In the fall of 1987, Strawmier said he met Leone in a parking lot across the street from the Minos restaurant on U.S. 421 in Michigan City.
"He told me to lift up my shirt and he frisked me," Strawmier said. "He said he felt like he was being followed."
Several of the defense attorneys focused on the issue of selective prosecution, pointing out that Strawmier was granted immunity to testify about what the defendants are charged with doing.
"You consider yourself a lucky man," said Chicago attorney Kevin Milner, representing Palermo.

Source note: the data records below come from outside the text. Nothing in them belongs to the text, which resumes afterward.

(* Let $G_1,G_2$ be multiplicative Lie algebras and $\mu:G_1\to G_2$ a multiplicative Lie algebra homomorphism such that $\ker\mu\cap{}^M[G_1,G_1]=1$ and $\mu(G_1)\,\mathcal Z(G_2)=G_2$. Then the map $\nu:G_1/\mathcal Z(G_1)\to G_2/\mathcal Z(G_2)$, $\nu(g\mathcal Z(G_1))=\mu(g)\mathcal Z(G_2)$, together with $\mu|_{{}^M[G_1,G_1]}$, forms an isoclinism $(\nu,\mu|_{{}^M[G_1,G_1]})$ between $G_1$ and $G_2$.
   Context: A multiplicative Lie algebra is a group $(G,\cdot)$ with a binary operation $\star$ such that for all $x,y,z\in G$: $x\star x=1$; $x\star(yz)=(x\star y)\,{}^y(x\star z)$; $(xy)\star z={}^x(y\star z)(x\star z)$; $((x\star y)\star{}^yz)((y\star z)\star{}^zx)((z\star x)\star{}^xy)=1$; ${}^z(x\star y)={}^zx\star{}^zy$, where ${}^xy=xyx^{-1}$. Homomorphisms preserve both operations. $Z(G)$ is the group center, $LZ(G)=\{x: x\star y=1\ \forall y\}$, $\mathcal Z(G)=LZ(G)\cap Z(G)$; $[x,y]$ is the group commutator; ${}^M[G,G]=(G\star G)[G,G]$ with $G\star G$ the ideal generated by all $a\star b$. $G_1,G_2$ are isoclinic via $(\nu,\mu')$ if $\nu:G_1/\mathcal Z(G_1)\to G_2/\mathcal Z(G_2)$ and $\mu':{}^M[G_1,G_1]\to{}^M[G_2,G_2]$ are multiplicative Lie algebra isomorphisms with $\mu'([g,g'])=[h,h']$ and $\mu'(g\star g')=h\star h'$ whenever $\nu(g\mathcal Z(G_1))=h\mathcal Z(G_2)$ and $\nu(g'\mathcal Z(G_1))=h'\mathcal Z(G_2)$. *)

Record MLA := {
  carrier :> Type;
  mul : carrier -> carrier -> carrier;
  inv : carrier -> carrier;
  one : carrier;
  star : carrier -> carrier -> carrier;
  mulA : forall x y z, mul x (mul y z) = mul (mul x y) z;
  mul1x : forall x, mul one x = x;
  mulx1 : forall x, mul x one = x;
  mulVx : forall x, mul (inv x) x = one;
  mulxV : forall x, mul x (inv x) = one;
  (* multiplicative Lie algebra axioms, with  ^x y = x y x^-1 *)
  star_xx : forall x, star x x = one;
  star_xM : forall x y z,
    star x (mul y z) = mul (star x y) (mul (mul y (star x z)) (inv y));
  star_Mx : forall x y z,
    star (mul x y) z = mul (mul (mul x (star y z)) (inv x)) (star x z);
  star_jacobi : forall x y z,
    mul (mul (star (star x y) (mul (mul y z) (inv y)))
             (star (star y z) (mul (mul z x) (inv z))))
        (star (star z x) (mul (mul x y) (inv x))) = one;
  star_conj : forall x y z,
    mul (mul z (star x y)) (inv z) =
    star (mul (mul z x) (inv z)) (mul (mul z y) (inv z))
}.
(* Let $Q$ be a rational function with distinct poles $z_1,\dotsc,z_d$ ($d\ge1$) of orders $r_1,\dotsc,r_d$. Put $P=\prod_{i=1}^d(z-z_i)^{r_i}$ and $P_0=\prod_{i=1}^d(z-z_i)$, and for each $n\ge1$ write $Q^{(n)}=\frac{\alpha_nR_n}{PP_0^n}$ with $\alpha_n\in\mathbb{C}$ and $R_n\in\mathbb{C}[z]$ monic. Then $\frac{\log|n!/\alpha_n|}{n}\to0$ as $n\to\infty$. *)

From HB Require Import structures.
From mathcomp Require Import all_boot all_order all_algebra.
From mathcomp Require Import complex.
From mathcomp Require Import all_classical all_reals all_analysis.
Set Implicit Arguments. Unset Strict Implicit. Unset Printing Implicit Defensive.
Import Order.TTheory GRing.Theory Num.Theory.
Local Open Scope ring_scope.

(* Rational functions over C = R[i] are represented by pairs (numerator, denominator)
   of polynomials; a pair (a, b) with b != 0 stands for a / b. *)

Definition ratderiv (C : comNzRingType) (q : {poly C} * {poly C}) : {poly C} * {poly C} :=
  (q.1^`() * q.2 - q.1 * q.2^`(), q.2 ^+ 2).

Definition ratderivn (C : comNzRingType) (n : nat) (q : {poly C} * {poly C}) :=
  iter n (@ratderiv C) q.

Definition ratfun_eq (C : comNzRingType) (q1 q2 : {poly C} * {poly C}) : Prop :=
  q1.1 * q2.2 = q2.1 * q1.2.

From HB Require Import structures.
From mathcomp Require Import all_boot all_order all_algebra.
From mathcomp Require Import complex.
From mathcomp Require Import all_classical all_reals all_analysis.
From mathcomp Require Import zify ring lra.
Set Implicit Arguments. Unset Strict Implicit. Unset Printing Implicit Defensive.
Import Order.TTheory GRing.Theory Num.Theory numFieldNormedType.Exports.
Import ComplexField.Normc.
Local Open Scope classical_set_scope.
Local Open Scope ring_scope.

(* Write A = q P + A0 with size A0 < size P; A0 != 0 because A and P are coprime.
   For n >= size q the n-th derivative of A/P is that of A0/P.  Differentiating
   a fraction a/b whose degree gap deg b - deg a is v >= 1 yields a fraction with
   gap v + 1 and multiplies the ratio of leading coefficients by -v.  So after n
   steps this ratio is c (-1)^n (m+n)!/m!, where c = lead A0 / lead P and m + 1
   is the initial gap.  As R_n, P and P0 are monic, alpha_n is exactly this
   ratio, whence |n!/alpha_n| = 1 / (|c| C(m+n, n)) and
   0 <= log C(m+n, n) <= m log (n+1) = o(n). *)

Lemma coefM_size_le (C : nzSemiRingType) (p q : {poly C}) i j :
  (size p <= i.+1)%N -> (size q <= j.+1)%N -> (p * q)`_(i + j) = p`_i * q`_j.
Proof.
move=> /leq_sizeP sp /leq_sizeP sq.
have i_lt : (i < (i + j).+1)%N by rewrite ltnS leq_addr.
rewrite coefM (bigD1 (Ordinal i_lt)) //= addKn big1 ?addr0 // => k /eqP ne_ki.
have [k_lt|k_gt|eq_ki] := ltngtP k i; last by case: ne_ki; apply: val_inj.
  by rewrite sq ?mulr0 //; lia.
by rewrite sp ?mul0r.
Qed.

Lemma size_deriv_leq (C : nzRingType) (p : {poly C}) n :
  (size p <= n.+1)%N -> (size p^`() <= n)%N.
Proof.
by move=> /leq_sizeP sp; apply/leq_sizeP => k k_ge; rewrite coef_deriv sp ?mul0rn.
Qed.

Lemma coef_ratderiv_num (C : comNzRingType) (a b : {poly C}) i j :
  (size a <= i.+1)%N -> (size b <= j.+1)%N -> (0 < j)%N ->
  (ratderiv (a, b)).1`_(i + j).-1 = (i%:R - j%:R) * a`_i * b`_j.
Proof.
move=> sa sb j_gt0; rewrite coefB -(prednK j_gt0) addnS /=.
have sb' : (size b^`() <= j.-1.+1)%N by rewrite prednK // size_deriv_leq.
rewrite (coefM_size_le sa sb') coef_deriv prednK //.
case: i sa => [|i] sa.
  by move/size_deriv_leq/size_poly_leq0P: sa => ->; rewrite mul0r coef0 mulrnAr; ring.
rewrite addSn -addnS prednK // (coefM_size_le (size_deriv_leq sa) sb) coef_deriv.
by rewrite mulrnAr -mulrnAl; ring.
Qed.

Lemma ratderivn_add_poly (C : comNzRingType) (p a b : {poly C}) n :
  let q := ratderivn n (a, b) in
  ratderivn n (p * b + a, b) = (p^`(n) * q.2 + q.1, q.2).
Proof.
elim: n => [|n IH]; first by rewrite derivn0.
rewrite /ratderivn !iterS -!/(ratderivn n _) IH derivnS.
case: (ratderivn n (a, b)) => a' b' /=.
by rewrite /ratderiv /= derivD derivM; congr (_, _); ring.
Qed.

Lemma ratfun_eq_lead_coef (F : fieldType) (q : {poly F} * {poly F}) c p s :
  ratfun_eq q (c *: p, s) -> p \is monic -> s \is monic -> q.2 != 0 ->
  c = lead_coef q.1 / lead_coef q.2.
Proof.
move=> /(congr1 lead_coef) eq_q p_monic s_monic q2_neq0.
move: eq_q; rewrite !lead_coefM lead_coefZ (monicP p_monic) (monicP s_monic) !mulr1 => ->.
by rewrite mulfK ?lead_coef_eq0.
Qed.

Lemma coprimep_modp_neq0 (F : fieldType) (a p : {poly F}) :
  coprimep a p -> (1 < size p)%N -> a %% p != 0.
Proof.
move=> cop_ap; apply: contraTneq => modp0; rewrite -leqNgt.
by move: cop_ap; rewrite -coprimep_modl modp0 coprime0p => /eqp_size ->; rewrite size_poly1.
Qed.

Lemma size_prod_XsubC_exp_gt1 (C : idomainType) (I : finType) (z : I -> C) r i0 :
  (0 < r i0)%N -> (1 < size (\prod_i ('X - (z i)%:P) ^+ r i)%R)%N.
Proof.
move=> r_gt0; apply: (@root_size_gt1 _ (z i0)).
  by apply/monic_neq0/monic_prod => i _; apply/monic_exp/monicXsubC.
rewrite /root horner_prod (bigD1 i0) //= horner_exp hornerXsubC subrr.
by rewrite expr0n gtn_eqF ?mul0r.
Qed.

Section ProperFractions.

Variable F : fieldType.
Hypothesis F_char0 : [pchar F] =i pred0.

Lemma ratderiv_num_size_lead (a b : {poly F}) i j :
  size a = i.+1 -> size b = j.+1 -> (i < j)%N ->
  size (ratderiv (a, b)).1 = (i + j)%N /\
  lead_coef (ratderiv (a, b)).1 = (i%:R - j%:R) * lead_coef a * lead_coef b.
Proof.
move=> sa sb lt_ij; set N := (ratderiv _).1.
have j_gt0 : (0 < j)%N by apply: leq_ltn_trans lt_ij.
have topN : N`_(i + j).-1 = (i%:R - j%:R) * lead_coef a * lead_coef b.
  by rewrite coef_ratderiv_num ?sa ?sb // !lead_coefE sa sb.
have topN_neq0 : N`_(i + j).-1 != 0.
  have a_neq0 : a != 0 by rewrite -size_poly_eq0 sa.
  have b_neq0 : b != 0 by rewrite -size_poly_eq0 sb.
  rewrite topN mulf_neq0 ?mulf_neq0 ?lead_coef_eq0 //.
  rewrite -opprB -(natrB _ (ltnW lt_ij)) oppr_eq0 ((pcharf0P F).1 F_char0).
  by rewrite subn_eq0 -ltnNge.
have size_le : (size N <= i + j)%N.
  apply: leq_trans (size_polyD _ _) _; rewrite size_polyN geq_max.
  apply/andP; split; apply: leq_trans (size_polyMleq _ _) _.
    by rewrite sb addnS leq_add2r size_deriv_leq ?sa.
  by rewrite sa addSn leq_add2l size_deriv_leq ?sb.
have size_N : size N = (i + j)%N.
  apply/anti_leq; rewrite size_le /=; apply: contraNT topN_neq0; rewrite -ltnNge => lt_N.
  by rewrite nth_default // -ltnS prednK ?addn_gt0 ?j_gt0 ?orbT.
by rewrite /lead_coef size_N topN.
Qed.

Lemma ratderiv_proper (a b : {poly F}) v :
  a != 0 -> b != 0 -> (0 < v)%N -> (size a + v)%N = size b ->
  let q := ratderiv (a, b) in
  [/\ q.1 != 0, (size q.1 + v.+1)%N = size q.2 &
      lead_coef q.1 / lead_coef q.2 = - v%:R * (lead_coef a / lead_coef b)].
Proof.
move=> a_neq0 b_neq0 v_gt0 sab q.
have sa : size a = (size a).-1.+1 by rewrite prednK // size_poly_gt0.
have sb : size b = ((size a).-1 + v).+1 by rewrite -sab {1}sa.
have lt_gap : ((size a).-1 < (size a).-1 + v)%N by rewrite -{1}[_.-1]addn0 ltn_add2l.
have [sN lN] := ratderiv_num_size_lead sa sb lt_gap.
have sb2 : size q.2 = (((size a).-1 + v).*2).+1.
  by rewrite -[size _]prednK ?size_poly_gt0 ?expf_neq0 // size_exp sb muln2.
split.
- by rewrite -size_poly_eq0 sN -lt0n; lia.
- by rewrite sN sb2 -addnn; lia.
rewrite lN lead_coef_exp natrD; field.
by rewrite lead_coef_eq0.
Qed.

Lemma ratderivn_proper (a b : {poly F}) m :
  a != 0 -> b != 0 -> (size a + m.+1)%N = size b -> forall n,
  let q := ratderivn n (a, b) in
  [/\ q.1 != 0, q.2 != 0, (size q.1 + (m + n).+1)%N = size q.2 &
      lead_coef q.1 / lead_coef q.2 =
        lead_coef a / lead_coef b * (-1) ^+ n * ((m + n) ^_ n)%:R].
Proof.
move=> a_neq0 b_neq0 sab; elim=> [|n]; first by rewrite /= addn0 ffactn0 expr0 !mulr1.
rewrite /ratderivn iterS -/(ratderivn n _).
case: (ratderivn n (a, b)) => a' b' /= [a'_neq0 b'_neq0 sab' lab'].
have [a''_neq0 sab'' ->] := ratderiv_proper a'_neq0 b'_neq0 (ltn0Sn _) sab'.
split=> //; first by rewrite expf_neq0.
  by move: sab''; rewrite !addnS.
by rewrite lab' addnS ffactSS natrM exprS; ring.
Qed.

Lemma ratderivn_lead_coef (A P : {poly F}) m n :
  P != 0 -> A %% P != 0 -> (size (A %% P)%R + m.+1)%N = size P -> (size (A %/ P)%R <= n)%N ->
  let q := ratderivn n (A, P) in
  q.2 != 0 /\ lead_coef q.1 / lead_coef q.2 =
              lead_coef (A %% P) / lead_coef P * (-1) ^+ n * ((m + n) ^_ n)%:R.
Proof.
move=> P_neq0 A0_neq0 sA0 n_ge.
rewrite [X in ratderivn n (X, P)](divp_eq A P) ratderivn_add_poly derivn_poly0 //.
rewrite mul0r add0r -surjective_pairing.
by have [_ ? _ ?] := ratderivn_proper A0_neq0 P_neq0 sA0 n; split.
Qed.

End ProperFractions.

Lemma bin_leq_expS (m n : nat) : ('C(m + n, n) <= n.+1 ^ m)%N.
Proof.
rewrite -bin_sub ?leq_addl // addnK.
elim: m => [|m IH]; first by rewrite bin0.
have := mul_bin_diag (m.+1 + n) m; rewrite addSn /= => eq_bin.
rewrite expnS -(leq_pmul2l (ltn0Sn m)) -eq_bin; nia.
Qed.

Section LogGrowth.

Variable R : realType.

Lemma ln_natS_div_cvg0 : (ln (n.+1%:R : R) / n%:R) @[n --> \oo] --> 0.
Proof.
have bound_cvg0 : (4 * Num.sqrt (harmonic n) : R) @[n --> \oo] --> 0.
  rewrite -[0](mulr0 4) -sqrtr0; apply: cvgMl_tmp.
  by apply: (cvg_comp _ _ cvg_harmonic); apply: sqrt_continuous.
apply: (@squeeze_cvgr _ _ _ _ (fun=> 0) _ _ _ _ (cvg_cst _) bound_cvg0).
near=> n; have n_gt0 : (0 < n)%N by near: n; exists 1%N.
have x_ge1 : 1 <= (n%:R : R) by rewrite ler1n.
set s := Num.sqrt (n.+1%:R : R).
have s_gt0 : 0 < s by rewrite sqrtr_gt0 ltr0n.
have ss : s * s = n%:R + 1 by rewrite -expr2 sqr_sqrtr ?ler0n // -natr1.
(* ln (n+1) = 2 ln s < 2 s with s = sqrt (n+1), and 2 s / n <= 4 / s. *)
have lnE : ln (n.+1%:R : R) = ln s *+ 2 by rewrite -lnXn // sqr_sqrtr ?ler0n.
have ln_lt := ln_sublinear s_gt0.
rewrite /harmonic /= sqrtrV ?ler0n // -/s lnE divr_ge0 ?mulrn_wge0 ?ln_ge0 ?ler0n //=.
  by rewrite ler_pdivrMr ?(lt_le_trans ltr01) // mulrAC ler_pdivlMr // mulr2n; nra.
nra.
Unshelve. all: by end_near.
Qed.

Lemma ln_bin_div_cvg0 (m : nat) :
  (ln ('C(m + n, n)%:R : R) / n%:R) @[n --> \oo] --> 0.
Proof.
have bound_cvg0 : (m%:R * (ln (n.+1%:R : R) / n%:R)) @[n --> \oo] --> 0.
  by rewrite -(mulr0 m%:R); apply: cvgMl_tmp; apply: ln_natS_div_cvg0.
apply: (@squeeze_cvgr _ _ _ _ (fun=> 0) _ _ _ _ (cvg_cst _) bound_cvg0).
apply: nearW => n.
have C_ge1 : 1 <= ('C(m + n, n)%:R : R) by rewrite ler1n bin_gt0 leq_addl.
rewrite divr_ge0 ?ln_ge0 //= mulrA ler_wpM2r ?invr_ge0 // mulr_natl -lnXn ?ltr0n //.
rewrite ler_ln ?posrE ?exprn_gt0 ?ltr0n ?bin_gt0 ?leq_addl //.
by rewrite -natrX ler_nat bin_leq_expS.
Qed.

Lemma ln_div_bin_cvg0 (k : R) (m : nat) : 0 < k ->
  (ln (k / 'C(m + n, n)%:R) / n%:R) @[n --> \oo] --> 0.
Proof.
move=> k_gt0.
have inv_cvg0 : (n%:R^-1 : R) @[n --> \oo] --> 0.
  apply/gtr0_cvgV0; last exact: cvgr_idn.
  by near=> n; rewrite ltr0n; near: n; exists 1%N.
suff -> : (fun n => ln (k / 'C(m + n, n)%:R) / n%:R) =
          (fun n => ln k * n%:R^-1 - ln ('C(m + n, n)%:R : R) / n%:R).
  rewrite -[0](subr0 0) -{1}(mulr0 (ln k)).
  by apply: cvgB; [apply: cvgMl_tmp | apply: ln_bin_div_cvg0].
apply/funext => n.
by rewrite ln_div ?posrE ?ltr0n ?bin_gt0 ?leq_addl // mulrBl.
Unshelve. all: by end_near.
Qed.

End LogGrowth.

Section ComplexNorm.

Variable R : rcfType.

Lemma normc_gt0 (x : R[i]) : x != 0 -> 0 < normc x.
Proof.
move=> x_neq0; rewrite lt_neqAle eq_sym; apply/andP; split.
  by apply: contra x_neq0 => /eqP/eq0_normc ->.
by case: x {x_neq0} => a b; apply: sqrtr_ge0.
Qed.

Lemma normc_sign (n : nat) : normc ((-1) ^+ n : R[i]) = 1.
Proof. by rewrite -signr_odd; case: odd; rewrite ?expr1 ?normcN normc1. Qed.

Lemma normc_nat (n : nat) : normc (n%:R : R[i]) = n%:R.
Proof. by rewrite normcMn normc1. Qed.

Lemma normc_fact_div_ffact (c : R[i]) (m n : nat) :
  normc (n`!%:R / (c * (-1) ^+ n * ((m + n) ^_ n)%:R)) =
  (normc c)^-1 / 'C(m + n, n)%:R.
Proof.
have fact_neq0 : (n`!%:R : R) != 0 by rewrite pnatr_eq0 -lt0n fact_gt0.
rewrite -bin_ffact natrM !normcM normcV !normcM normc_sign !normc_nat mulr1.
by rewrite !invfM mulrCA [n`!%:R * _]mulrCA divff ?mulr1.
Qed.

End ComplexNorm.

Theorem lemma4p3 (R : realType) (d : nat) (z : 'I_d -> R[i]) (r : 'I_d -> nat)
  (A : {poly R[i]}) (alpha : nat -> R[i]) (Rn : nat -> {poly R[i]}) :
  (0 < d)%N ->
  injective z ->
  (forall i, 0 < r i)%N ->
  let P := \prod_(i < d) ('X - (z i)%:P) ^+ r i in
  let P0 := \prod_(i < d) ('X - (z i)%:P) in
  coprimep A P ->
  (forall n, (1 <= n)%N ->
     Rn n \is monic /\
     ratfun_eq (ratderivn n (A, P)) (alpha n *: Rn n, P * P0 ^+ n)) ->
  (ln (ComplexField.Normc.normc (n`!%:R / alpha n)) / n%:R : R) @[n --> \oo] --> 0.
Proof.
move=> d_gt0 _ r_gt0 P P0 cop_AP derivE.
have P_monic : P \is monic by apply: monic_prod => i _; apply/monic_exp/monicXsubC.
have P_neq0 := monic_neq0 P_monic.
have P_gt1 : (1 < size P)%N := size_prod_XsubC_exp_gt1 z (r_gt0 (Ordinal d_gt0)).
set A0 := A %% P; have A0_neq0 : A0 != 0 := coprimep_modp_neq0 cop_AP P_gt1.
have [m sA0] : exists m, (size A0 + m.+1)%N = size P.
  have lt_A0P : (size A0 < size P)%N by rewrite ltn_modp.
  by exists (size P - size A0).-1; lia.
set c := lead_coef A0 / lead_coef P.
have normcV_gt0 : 0 < (normc c)^-1.
  by rewrite invr_gt0 normc_gt0 // /c mulf_neq0 ?invr_eq0 ?lead_coef_eq0.
have alphaE n : (0 < n)%N -> (size (A %/ P)%R <= n)%N ->
    alpha n = c * (-1) ^+ n * ((m + n) ^_ n)%:R.
  move=> n_gt0 n_ge; have [Rn_monic eq_n] := derivE n n_gt0.
  have [q2_neq0 <-] := ratderivn_lead_coef (@pchar_num _) P_neq0 A0_neq0 sA0 n_ge.
  apply: ratfun_eq_lead_coef eq_n Rn_monic _ q2_neq0.
  by rewrite monicMl // monic_exp // monic_prod_XsubC.
apply: (cvg_trans _ (ln_div_bin_cvg0 m normcV_gt0)).
apply: near_eq_cvg; near=> n; rewrite alphaE ?normc_fact_div_ffact //.
  by near: n; exists 1%N.
by near: n; exists (size (A %/ P)%R).
Unshelve. all: by end_near.
Qed.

"Yes, I do," Strawmier said.
"You are just going on your merry way making money and everything else," Milner said. "You are not even going to have to stop your business (gambling), are you?"
"No," Strawmier said.
Donald Pytel, the owner of Lucky's Tobacco Store in LaPorte, another bookmaker, said he paid Leone $400 monthly.
The defense attorneys also suggested that Leone was acting on his own and conned Pytel and Strawmier. When Leone stopped collecting the monthly payments, no one else came around to collect the money, each said.
"I don't know if I was conned or not, but I gave it to him," Pytel said.
The government played two short tapes recorded at the Guzzino family's Taste of Italy restaurant in Calumet City, Ill.
Guzzino is heard telling Morgano to collect money, but he doesn't say for what or from whom.
There also is a reference to "Curley" wanting money collected from someone "behind on the rent." Curley is one of Palermo's nicknames. It was the first reference to Palermo.